Regional Linguistic Nationalism: an Enemy

Though the multi-linguality is a special character of India and might work positively in many ways, it is undeniable fact that emergence of linguistic nationalism is a biggest enemy for the promotion of the English medium education as the tool of emancipation of lower caste, class and rural communities of India. It bases its foundations on vernacular identity but the ultimate goal has always been political power. For that, time and again, equates the region with language and projects itself as the rescuer of supposedly dying vernaculars or a tool of opposition to the imposition of the culture of the dominant over the regional other. Though it served certain purposes, its nexus with politics paved the way for the over exploitation of linguistic sentiments and emotions of the masses. Today, linguistic nationalism is a tool in the hands of politicians for promotion of their respective parties and their individual political careers. In the process of realizing the political goals, they cultivate sentiments among masses to make them believe that it is they who supposed to shoulder the responsibility of the revival and continuation. They equate the dalit-bahujan with regional language. This would perfectly serve their political purposes. But it would be never be a tool of economic emancipation of the deprived. Politicians do know that linguistic nationalism would work against the people of the state. But it is not meant to work against their kith and kin. It is a universal truth in this country, politicians who project themselves as the champions of regional languages through their political rhetoric make others to choose regional languages as medium of instruction but they send their own kids to English medium schools and foreign educational institutions for higher studies. There is no integrity between what they speak for political purposes and what they do for personal and family gains. This sinister design must be understood by the dalit-bahujans and should fall into the trap on linguistic sentiments.
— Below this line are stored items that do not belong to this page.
(* The matrix $$U_6=\tfrac12 S_0\otimes\left(I_2\otimes I_2+\sigma_1\otimes\sigma_1+\sigma_2\otimes\sigma_2+\sigma_3\otimes\sigma_3\right)+\tfrac{1}{\sqrt2}S_3\otimes\left(I_2\otimes\sigma_1+\sigma_2\otimes\sigma_3\right)$$ on $\mathbb{C}^2\otimes\mathbb{C}^2\otimes\mathbb{C}^2$ is unitary and $\mathrm{sr}(U_6)=6$.
   Context: $S_0=\begin{bmatrix}1&0\\0&0\end{bmatrix}$, $S_1=\begin{bmatrix}0&1\\0&0\end{bmatrix}$, $S_2=\begin{bmatrix}0&0\\1&0\end{bmatrix}$, $S_3=\begin{bmatrix}0&0\\0&1\end{bmatrix}$. $I_2$ is the $2\times2$ identity and $\sigma_1=\begin{bmatrix}0&1\\1&0\end{bmatrix}$, $\sigma_2=\begin{bmatrix}0&-i\\i&0\end{bmatrix}$, $\sigma_3=\begin{bmatrix}1&0\\0&-1\end{bmatrix}$ are the Pauli matrices. For a matrix $U$ on $\mathbb{C}^2\otimes\mathbb{C}^2\otimes\mathbb{C}^2$ (systems $A,B,C$), its Schmidt rank $\mathrm{sr}(U)$ is the least integer $r$ such that $U=\sum_{j=1}^r A_j\otimes B_j\otimes C_j$ with $A_j,B_j,C_j$ complex $2\times 2$ matrices (i.e. the tensor rank of $U$). *)

From mathcomp Require Import all_boot all_order all_algebra all_field.
From mathcomp.real_closed Require Import mxtens.
Set Implicit Arguments. Unset Strict Implicit. Unset Printing Implicit Defensive.
Import GRing.Theory Num.Theory.
Local Open Scope ring_scope.

Definition M2 := 'M[algC]_2.
Definition M8 := 'M[algC]_(2 * (2 * 2)).

Definition S0 : M2 := \matrix_(i < 2, j < 2) ((i == 0 :> nat) && (j == 0 :> nat))%:R.
Definition S1 : M2 := \matrix_(i < 2, j < 2) ((i == 0 :> nat) && (j == 1 :> nat))%:R.
Definition S2 : M2 := \matrix_(i < 2, j < 2) ((i == 1 :> nat) && (j == 0 :> nat))%:R.
Definition S3 : M2 := \matrix_(i < 2, j < 2) ((i == 1 :> nat) && (j == 1 :> nat))%:R.

Definition I2 : M2 := 1%:M.
Definition sigma1 : M2 := S1 + S2.
Definition sigma2 : M2 := (- 'i) *: S1 + 'i *: S2.
Definition sigma3 : M2 := S0 - S3.

Definition tens3 (A B C : M2) : M8 := A *t (B *t C).

Definition adjmx (U : M8) : M8 := (map_mx (fun z : algC => z^*) U)^T.
Definition unitary (U : M8) : Prop := U *m adjmx U = 1%:M /\ adjmx U *m U = 1%:M.

Definition sr_le (U : M8) (r : nat) : Prop :=
  exists (A B C : 'I_r -> M2), U = \sum_(j < r) tens3 (A j) (B j) (C j).

Definition sr_eq (U : M8) (r : nat) : Prop :=
  sr_le U r /\ forall r', sr_le U r' -> (r <= r')%N.

Definition U6 : M8 :=
  (1 / 2) *: tens3 S0 I2 I2 + (1 / 2) *: tens3 S0 sigma1 sigma1
  + (1 / 2) *: tens3 S0 sigma2 sigma2 + (1 / 2) *: tens3 S0 sigma3 sigma3
  + (1 / sqrtC 2) *: tens3 S3 I2 sigma1 + (1 / sqrtC 2) *: tens3 S3 sigma2 sigma3.

(* Unitarity and the upper bound are explicit computations: U6 is a
   self-adjoint involution, and the identity
   P (x) P + Q (x) Q = ((P + Q) (x) (P + Q) + (P - Q) (x) (P - Q)) / 2
   turns its six-term-plus-two expression into six elementary tensors.

   For the lower bound, slice a decomposition U6 = sum_{j<r} A_j (x) B_j (x) C_j
   along system A: the (a, a) block of U6 equals  Bcols * diag(A_j a a) * Crows,
   a factorization through C^r.  The two slices of U6 are the swap X of B and C
   (an involution) and a matrix Y with Y X = Y, Y^2 = 0 and rank Y = 2.  The
   general linear-algebra fact proved first is that in such a pencil, if
   U diag(a) W is invertible, r <= n + 1 and N = U diag(b) W (U diag(a) W)^-1
   squares to zero, then rank N <= 1: after shifting a by a multiple of b one
   may assume U W = 1, and then the kernels of two maps of corank <= 1 force
   ker N to contain a space of dimension n - 1.  With n = 4 this rules out
   r <= 5. *)

From mathcomp Require Import all_boot all_order all_algebra all_field.
From mathcomp.real_closed Require Import mxtens.
From mathcomp Require Import zify ring.
Import Order.TTheory GRing.Theory Num.Theory.
Local Open Scope ring_scope.

Section SquareZeroSlice.
Variables (F : fieldType) (n r : nat).
Variables (U : 'M[F]_(n, r)) (W : 'M[F]_(r, n)) (d : 'rV[F]_r).
Hypothesis short_sum : (r <= n.+1)%N.
Hypothesis UW1 : U *m W = 1%:M.

Let D := diag_mx d.
Let N := U *m D *m W.
Let c := cokermx U.

(* U has full row rank since U W = 1; hence its cokernel has rank <= 1. *)
Lemma rank_factor_left : \rank U = n.
Proof.
apply/eqP; rewrite eqn_leq rank_leq_row /=.
by rewrite -{1}(mxrank1 F n) -UW1 mxrankM_maxl.
Qed.

Lemma slice_intertwine (z : 'rV[F]_n) :
  z *m (U *m D *m c) = 0 -> z *m N *m U = z *m U *m D.
Proof.
move=> zUDc.
have : (z *m U *m D <= U)%MS by rewrite submxE -!mulmxA (mulmxA U) zUDc.
case/submxP=> t zUD.
by rewrite /N !mulmxA zUD -(mulmxA t) UW1 mulmx1.
Qed.

Lemma diag_sq_eq0 (x : 'rV[F]_r) : x *m D *m D = 0 -> x *m D = 0.
Proof.
move/rowP=> xDD; apply/rowP=> j; move: (xDD j).
rewrite /D !mul_mx_diag !mxE => /eqP; rewrite mulf_eq0 => /orP[/eqP //|/eqP dj0].
by rewrite dj0 mulr0.
Qed.

Hypothesis NN0 : N *m N = 0.

Let K := kermx (U *m D *m c).
Let K2 := kermx (N *m (U *m D *m c)).

Lemma common_kernel_N0 (z : 'rV[F]_n) : (z <= K)%MS -> (z <= K2)%MS -> z *m N = 0.
Proof.
rewrite !sub_kermx => /eqP zK /eqP zK2.
have e1 := slice_intertwine _ zK.
have e2 : z *m N *m N *m U = z *m N *m U *m D by apply: slice_intertwine; rewrite -mulmxA.
have zUD0 : z *m U *m D = 0.
  apply: diag_sq_eq0.
  by rewrite -e1 -e2 -(mulmxA z N N) NN0 mulmx0 !mul0mx.
by rewrite -[z *m N]mulmx1 -UW1 mulmxA e1 zUD0 mul0mx.
Qed.

(* Main lemma: if I_n = U W factors through F^r with r <= n+1, every
   square-zero slice U diag(d) W has rank at most 1.  Both kernels K, K2 have
   rank >= n-1, so K :&: K2 (of rank >= n-2) fills ker N; then N maps K into
   K :&: K2, so K itself lies in ker N, which is too small if rank N >= 2. *)
Lemma square_zero_slice_rank_le1 : (\rank N <= 1)%N.
Proof.
rewrite leqNgt; apply/negP => rankN2.
have rc : (\rank c <= 1)%N by rewrite mxrank_coker rank_factor_left; lia.
have rK : (n.-1 <= \rank K)%N.
  by rewrite mxrank_ker; have := mxrankM_maxr (U *m D) c; lia.
have rK2 : (n.-1 <= \rank K2)%N.
  by rewrite mxrank_ker; have := mxrankM_maxr (N *m (U *m D)) c; rewrite !mulmxA; lia.
have rKK2 : (n - 2 <= \rank (K :&: K2))%N.
  by have := mxrank_sum_cap K K2; have := rank_leq_col (K + K2)%MS; lia.
have rKN : (\rank (kermx N) <= n - 2)%N by rewrite mxrank_ker; lia.
have capKN : (K :&: K2 <= kermx N)%MS.
  apply/row_subP=> i; rewrite sub_kermx; apply/eqP; apply: common_kernel_N0.
    exact: submx_trans (row_sub _ _) (capmxSl _ _).
  exact: submx_trans (row_sub _ _) (capmxSr _ _).
have KNcap : (kermx N <= K :&: K2)%MS.
  have := mxrank_leqif_sup capKN => -[_ <-]; apply/eqP; have := mxrankS capKN; lia.
have KKN : (K <= kermx N)%MS.
  apply/row_subP=> i; rewrite sub_kermx; apply/eqP; apply: common_kernel_N0.
    exact: row_sub.
  have NiK : (row i K *m N <= K)%MS.
    apply: submx_trans (submx_trans KNcap (capmxSl _ _)).
    by rewrite sub_kermx -mulmxA NN0 mulmx0.
  by move: NiK; rewrite !sub_kermx (mulmxA (row i K) N).
by have := mxrankS KKN; have := rank_leq_row N; lia.
Qed.

End SquareZeroSlice.

(* Over a numeric field some multiple of b can be added to a so that the
   result is nonzero wherever b is: take s larger than every |a_j / b_j|. *)
Lemma shift_avoids_zeros (R : numFieldType) r (a b : 'rV[R]_r) :
  exists s : R, forall j, b 0 j != 0 -> a 0 j + s * b 0 j != 0.
Proof.
set s := 1 + \sum_j `|a 0 j / b 0 j|.
have s_ge0 : 0 <= s by rewrite addr_ge0 ?ler01 ?sumr_ge0.
exists s => j bj0; apply/eqP => abs0.
have s_gt : `|a 0 j / b 0 j| < s.
  rewrite ltr_pwDl ?ltr01 // (bigD1 j) //= lerDl.
  by apply: sumr_ge0 => i _; exact: normr_ge0.
have sE : s = - (a 0 j / b 0 j).
  have e : s * b 0 j = - a 0 j by apply/eqP; rewrite -addr_eq0 addrC abs0.
  by rewrite -[s](mulfK bj0) e mulNr.
by move: s_gt; rewrite -normrN -sE ger0_norm // ltxx.
Qed.

(* Pencil version: if U diag(a) W is invertible with inverse Xi and the slice
   N = U diag(b) W Xi squares to zero, then rank N <= 1 whenever r <= n+1.
   Replacing a by a + s b (nonzero where b is) reduces to the identity case. *)
Lemma square_zero_pencil_rank_le1 (R : numFieldType) n r
    (U : 'M[R]_(n, r)) (W : 'M[R]_(r, n)) (a b : 'rV[R]_r) (Xi : 'M[R]_n) :
  (r <= n.+1)%N -> U *m diag_mx a *m W *m Xi = 1%:M ->
  let N := U *m diag_mx b *m W *m Xi in
  N *m N = 0 -> (\rank N <= 1)%N.
Proof.
move=> short_sum XXi N NN0.
have [s hs] := shift_avoids_zeros _ _ a b.
set a' := \row_j (a 0 j + s * b 0 j).
set U' := U *m diag_mx a'.
set W' := W *m Xi *m (1%:M - s *: N).
have U'E : U' = U *m diag_mx a + s *: (U *m diag_mx b).
  by apply/matrixP=> i j; rewrite /U' !mul_mx_diag !mxE; ring.
set d := \row_j (b 0 j / a' 0 j).
have U'd : U' *m diag_mx d = U *m diag_mx b.
  apply/matrixP=> i j; rewrite /U' !mul_mx_diag !mxE.
  have [->|bj0] := eqVneq (b 0 j) 0; first by rewrite mul0r !mulr0.
  by rewrite -mulrA [_ * (_ / _)]mulrC divfK //; exact: hs.
have NW' : U *m diag_mx b *m W' = N.
  by rewrite /W' !mulmxA -/N mulmxBr mulmx1 -scalemxAr NN0 scaler0 subr0.
have U'WXi : U' *m W *m Xi = 1%:M + s *: N.
  by rewrite U'E mulmxDl mulmxDl -!scalemxAl XXi.
have U'W' : U' *m W' = 1%:M.
  rewrite /W' !mulmxA U'WXi mulmxBr mulmx1 mulmxDl mul1mx -scalemxAl.
  by rewrite -scalemxAr NN0 !scaler0 addr0 addrK.
have := @square_zero_slice_rank_le1 _ _ _ U' W' d short_sum U'W'.
by rewrite U'd NW'; exact.
Qed.
(* Slicing along system A: the (a, a) block of an operator on A (x) B (x) C,
   viewed as an operator on B (x) C. *)
Definition sliceA (a : 'I_2) (M : M8) : 'M[algC]_(2 * 2) :=
  \matrix_(p, q) M (mxtens_index (a, mxtens_index ((mxtens_unindex p).1, (mxtens_unindex q).1)))
                   (mxtens_index (a, mxtens_index ((mxtens_unindex p).2, (mxtens_unindex q).2))).

Definition flat_cols {r} (B : 'I_r -> M2) : 'M[algC]_(2 * 2, r) :=
  \matrix_(p, j) B j (mxtens_unindex p).1 (mxtens_unindex p).2.
Definition flat_rows {r} (C : 'I_r -> M2) : 'M[algC]_(r, 2 * 2) :=
  \matrix_(j, q) C j (mxtens_unindex q).1 (mxtens_unindex q).2.

Lemma sliceA_sum r (A B C : 'I_r -> M2) a :
  sliceA a (\sum_(j < r) tens3 (A j) (B j) (C j)) =
  flat_cols B *m diag_mx (\row_j A j a a) *m flat_rows C.
Proof.
apply/matrixP=> p q; rewrite mul_mx_diag [LHS]mxE summxE [RHS]mxE.
by apply: eq_bigr => j _; rewrite /tens3 !tensmxE !mxE; ring.
Qed.

Definition table n (f : nat -> nat -> algC) : 'M[algC]_n := \matrix_(i, j) f i j.

Lemma sqr_i : 'i ^+ 2 = -1 :> algC. Proof. exact: sqrCi. Qed.
Lemma sqrt2_sq : sqrtC 2 ^+ 2 = 2 :> algC. Proof. by rewrite sqrtCK. Qed.
Lemma sqrt2_neq0 : sqrtC 2 != 0 :> algC. Proof. by rewrite sqrtC_eq0 pnatr_eq0. Qed.

Ltac case8 i := case: i => [[|[|[|[|[|[|[|[|?]]]]]]]] ?] //.
Ltac case4 i := case: i => [[|[|[|[|?]]]] ?] //.
Ltac case2 i := case: i => [[|[|?]] ?] //.

(* Entries of U6 in the computational basis |abc>, with index 4a + 2b + c. *)
Definition U6_entry (i j : nat) : algC :=
  match i, j with
  | 0, 0 | 1, 2 | 2, 1 | 3, 3 => 1
  | 4, 5 | 5, 4 | 6, 7 | 7, 6 => 1 / sqrtC 2
  | 4, 6 | 7, 5 => - 'i * (1 / sqrtC 2)
  | 5, 7 | 6, 4 => 'i * (1 / sqrtC 2)
  | _, _ => 0
  end.

Lemma U6_table : U6 = table (2 * (2 * 2)) U6_entry.
Proof.
apply/matrixP=> i j.
rewrite /U6 /tens3 /sigma1 /sigma2 /sigma3 /I2 /S0 /S1 /S2 /S3 /table !mxE.
have := sqrt2_neq0 => s2_neq0.
by case8 i; case8 j; simpl; field: sqr_i sqrt2_sq.
Qed.

Lemma conj_inv_sqrt2 : (1 / sqrtC 2)^* = 1 / sqrtC 2 :> algC.
Proof. by rewrite geC0_conj // divr_ge0 ?ler01 // sqrtC_ge0 ler0n. Qed.

Lemma conj_i_inv_sqrt2 : ('i * (1 / sqrtC 2))^* = - 'i * (1 / sqrtC 2) :> algC.
Proof. by rewrite rmorphM /= conj_inv_sqrt2 conjCi. Qed.

Lemma U6_selfadjoint : adjmx U6 = U6.
Proof.
have conj_mi : (- 'i * (1 / sqrtC 2))^* = 'i * (1 / sqrtC 2) :> algC.
  by rewrite mulNr raddfN /= conj_i_inv_sqrt2 mulNr opprK.
rewrite U6_table /adjmx; apply/matrixP=> i j; rewrite !mxE.
by case8 i; case8 j; simpl; rewrite ?(conj_mi, conj_i_inv_sqrt2, rmorph1, rmorph0, conj_inv_sqrt2).
Qed.

Lemma U6_involution : U6 *m U6 = 1%:M.
Proof.
rewrite U6_table /table; apply/matrixP=> i j; rewrite mxE !big_ord_recl big_ord0 !mxE.
have := sqrt2_neq0 => s2_neq0.
by case8 i; case8 j; simpl; field: sqr_i sqrt2_sq.
Qed.

Lemma U6_unitary : unitary U6.
Proof. by rewrite /unitary U6_selfadjoint U6_involution. Qed.

(* An explicit decomposition of U6 into six elementary tensors, using
   (P (x) P + Q (x) Q) = ((P + Q) (x) (P + Q) + (P - Q) (x) (P - Q)) / 2. *)
Definition A6 (j : 'I_6) : M2 :=
  if (j < 4)%N then (1 / 4) *: S0 else (1 / sqrtC 2) *: S3.
Definition B6 (j : 'I_6) : M2 :=
  match nat_of_ord j with
  | 0 => I2 + sigma1 | 1 => I2 - sigma1 | 2 => sigma2 + sigma3
  | 3 => sigma2 - sigma3 | 4 => I2 | _ => sigma2 end.
Definition C6 (j : 'I_6) : M2 :=
  match nat_of_ord j with
  | 0 => I2 + sigma1 | 1 => I2 - sigma1 | 2 => sigma2 + sigma3
  | 3 => sigma2 - sigma3 | 4 => sigma1 | _ => sigma3 end.

Lemma U6_sr_le6 : sr_le U6 6.
Proof.
exists A6, B6, C6; rewrite U6_table; apply/matrixP=> i j.
rewrite summxE !big_ord_recl big_ord0 /=.
rewrite /A6 /B6 /C6 /= /tens3 /sigma1 /sigma2 /sigma3 /I2 /S0 /S1 /S2 /S3 /table !mxE.
have := sqrt2_neq0 => s2_neq0.
by case8 i; case8 j; simpl; field: sqr_i sqrt2_sq.
Qed.

(* The two A-slices of U6: the swap X of B and C, and a matrix Y with
   Y X = Y, Y^2 = 0 and rank Y = 2. *)
Definition X_entry (i j : nat) : algC :=
  match i, j with
  | 0, 0 | 1, 2 | 2, 1 | 3, 3 => 1
  | _, _ => 0
  end.
Definition Y_entry (i j : nat) : algC :=
  match i, j with
  | 0, 1 | 0, 2 | 3, 1 | 3, 2 => 1 / sqrtC 2
  | 1, 0 | 2, 3 => - 'i * (1 / sqrtC 2)
  | 1, 3 | 2, 0 => 'i * (1 / sqrtC 2)
  | _, _ => 0
  end.
Definition X := table (2 * 2) X_entry.
Definition Y := table (2 * 2) Y_entry.

Lemma U6_slice0 : sliceA 0 U6 = X.
Proof. by rewrite U6_table; apply/matrixP=> p q; rewrite !mxE; case4 p; case4 q. Qed.
Lemma U6_slice1 : sliceA 1 U6 = Y.
Proof. by rewrite U6_table; apply/matrixP=> p q; rewrite !mxE; case4 p; case4 q. Qed.

Lemma X_involution : X *m X = 1%:M.
Proof.
apply/matrixP=> i j; rewrite mxE !big_ord_recl big_ord0 !mxE.
by case4 i; case4 j; simpl; ring.
Qed.

Lemma Y_X : Y *m X = Y.
Proof.
apply/matrixP=> i j; rewrite mxE !big_ord_recl big_ord0 !mxE.
by case4 i; case4 j; simpl; ring.
Qed.

Lemma Y_square_zero : Y *m Y = 0.
Proof.
apply/matrixP=> i j; rewrite mxE !big_ord_recl big_ord0 !mxE.
have := sqrt2_neq0 => s2_neq0.
by case4 i; case4 j; simpl; field: sqr_i sqrt2_sq.
Qed.

(* rank Y >= 2, witnessed by a compression PY Y QY = 1 to a 2x2 identity. *)
Definition PY : 'M[algC]_(2, 2 * 2) := \matrix_(i, j) (i == j :> nat)%:R.
Definition QY : 'M[algC]_(2 * 2, 2) :=
  \matrix_(i, j) (match nat_of_ord i, nat_of_ord j with
                  | 1, 0 => sqrtC 2 | 0, 1 => 'i * sqrtC 2 | _, _ => 0 end).

Lemma Y_rank_ge2 : (2 <= \rank Y)%N.
Proof.
have PYQ : PY *m Y *m QY = 1%:M.
  apply/matrixP=> i j; rewrite !(mxE, big_ord_recl, big_ord0).
  have := sqrt2_neq0 => s2_neq0.
  by case2 i; case2 j; simpl; field: sqr_i sqrt2_sq.
have := mxrankM_maxl (PY *m Y) QY; rewrite PYQ mxrank1.
by move/leq_trans; apply; exact: mxrankM_maxr.
Qed.

(* Any decomposition of U6 uses at least six elementary tensors: otherwise its
   A-slices X (invertible) and Y = Y X (square-zero of rank 2) would form a
   pencil contradicting square_zero_pencil_rank_le1 with n = 4, r <= 5. *)
Lemma U6_sr_ge6 r : sr_le U6 r -> (6 <= r)%N.
Proof.
move=> [A [B [C U6E]]]; rewrite leqNgt; apply/negP => short_sum.
have slice a : sliceA a U6 = flat_cols B *m diag_mx (\row_j A j a a) *m flat_rows C.
  by rewrite U6E sliceA_sum.
have := @square_zero_pencil_rank_le1 _ _ _ (flat_cols B) (flat_rows C)
  (\row_j A j 0 0) (\row_j A j 1 1) X short_sum.
rewrite -!slice U6_slice0 U6_slice1 Y_X => /(_ X_involution Y_square_zero).
by rewrite leqNgt (leq_trans _ Y_rank_ge2).
Qed.

Theorem mainTheorem5 : unitary U6 /\ sr_eq U6 6.
Proof.
split; first exact: U6_unitary.
split; first exact: U6_sr_le6.
exact: U6_sr_ge6.
Qed.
In the recent times, unfortunately in states Tamil Nadu, political leaders from lower caste sections too are also singing songs of linguistic nationalism. Since the language became one of the main factors for building mass base for political reasons, lower caste politicians are also using it. It may be justifiable from the political point of view. However, since the objective of the dalit-bahujan political formations is to bring their people from margins into the mainstream, careless invocation of the vernacular as a tool of connecting to their constituency might be a counterproductive. Dalit-bahujan politicians should evolve a strategy of developing an internal policy that would address both the political concerns and educational concerns. They could use the vernacular to reach the illiterate and uneducated and they should see English as the only emancipatory language. Both these could co-exist as a strategy. However, I am not suggesting that the English is only the tool of theorization of the dalit-bahujan experience or the medium of the representation of their concerns to the state. In fact, most of the peripheral dalit-bahujan educated/intelligentsia are experts in vernacular. They have been doing a great job in producing different literary forms of theorization of the experience of their people. There are considerable number of multi-lingual intellectuals (mother tongue-English) who have been doing their bit to bridging gap between the world that uses English as dominant language of power and prosperity and the one that cannot. These multi-functional multi-lingual intellectuals, perhaps, needed to dalit-bahujans more than any other castes and communities. This helps in two ways: one, at individual, their ability and comfort to play on the two grounds would result in the production of powerful theories and history and second, they also work as vehicles to bring the voices of the peripheral dalit-bahujnas into mainstream. Therefore, like upper caste, dalit-Bahujans too should focus on promoting intellectuals in vernacular, the multi-lingual and the intellectual in English as well. Contribution of these three is very important for the overall generation of the knowledge on dalit-Bahujans.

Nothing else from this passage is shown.